Lemma is_derive_dotv (G : R -> V) (D w : V) (s : R) :
  is_derive s 1 G D -> is_derive s 1 (fun t => dotv (G t) w) (dotv D w).
Proof.
move=> hG.
have hd : derivable G s 1 := @ex_derive _ _ _ _ _ _ _ hG.
have hk k : is_derive s 1 (fun t => G t ord0 k) (D ord0 k).
  split; first exact: (proj1 (@derivable_mxP R R^o 1 d G s 1) hd).
  by have := derive_mx hd; rewrite (@derive_val _ _ _ _ _ _ _ hG) => ->; rewrite mxE.
have -> : (fun t => dotv (G t) w) = \sum_(k < d) (w ord0 k \*: (fun t => G t ord0 k)).
  by rewrite fct_sumE; apply/funext => t; apply: eq_bigr => k _; rewrite /= mulrC.
have -> : dotv D w = \sum_(k < d) w ord0 k *: D ord0 k.
  by apply: eq_bigr => k _; rewrite mulrC.
by apply: is_derive_sum => k; apply: is_deriveZ.
Qed.

Lemma differentiable_remainder_le (W : normedModType R) (g : V -> W) x e :
  differentiable g x -> 0 < e -> exists2 r, 0 < r &
  forall h, `|h| < r -> `|g (x + h) - g x - 'd g x h| <= e * `|h|.
Proof.
move=> dg e0; have /eqaddoP := diff_locally dg.
move=> /(_ e e0) /nbhs_norm0P [r r0 Hr]; exists r => // h /Hr /=.
by rewrite [x + h]addrC opprD addrA.
Qed.

Lemma open_norm_ball (O : set V) x : open O -> O x ->
  exists2 r, 0 < r & forall h, `|h| < r -> O (x + h).
Proof.
move=> oO Ox; have : nbhs x O by apply: open_nbhs_nbhs.
by move=> /nbhs_normP [r r0 Hr]; exists r => // h hr; apply: Hr; rewrite /= opprD addNKr normrN.
Qed.

End LineDerivatives.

◇ ◇ ◇ ◇ ◇

- Task instructions -
Return the entries above exactly as they appear.

- Written solution -
Lemma is_derive_dotv (G : R -> V) (D w : V) (s : R) :
  is_derive s 1 G D -> is_derive s 1 (fun t => dotv (G t) w) (dotv D w).
Proof.
move=> hG.
have hd : derivable G s 1 := @ex_derive _ _ _ _ _ _ _ hG.
have hk k : is_derive s 1 (fun t => G t ord0 k) (D ord0 k).
  split; first exact: (proj1 (@derivable_mxP R R^o 1 d G s 1) hd).
  by have := derive_mx hd; rewrite (@derive_val _ _ _ _ _ _ _ hG) => ->; rewrite mxE.
have -> : (fun t => dotv (G t) w) = \sum_(k < d) (w ord0 k \*: (fun t => G t ord0 k)).
  by rewrite fct_sumE; apply/funext => t; apply: eq_bigr => k _; rewrite /= mulrC.
have -> : dotv D w = \sum_(k < d) w ord0 k *: D ord0 k.
  by apply: eq_bigr => k _; rewrite mulrC.
by apply: is_derive_sum => k; apply: is_deriveZ.
Qed.

Lemma differentiable_remainder_le (W : normedModType R) (g : V -> W) x e :
  differentiable g x -> 0 < e -> exists2 r, 0 < r &
  forall h, `|h| < r -> `|g (x + h) - g x - 'd g x h| <= e * `|h|.
Proof.
move=> dg e0; have /eqaddoP := diff_locally dg.
move=> /(_ e e0) /nbhs_norm0P [r r0 Hr]; exists r => // h /Hr /=.
by rewrite [x + h]addrC opprD addrA.
Qed.

Lemma open_norm_ball (O : set V) x : open O -> O x ->
  exists2 r, 0 < r & forall h, `|h| < r -> O (x + h).
Proof.
move=> oO Ox; have : nbhs x O by apply: open_nbhs_nbhs.
by move=> /nbhs_normP [r r0 Hr]; exists r => // h hr; apply: Hr; rewrite /= opprD addNKr normrN.
Qed.

End LineDerivatives.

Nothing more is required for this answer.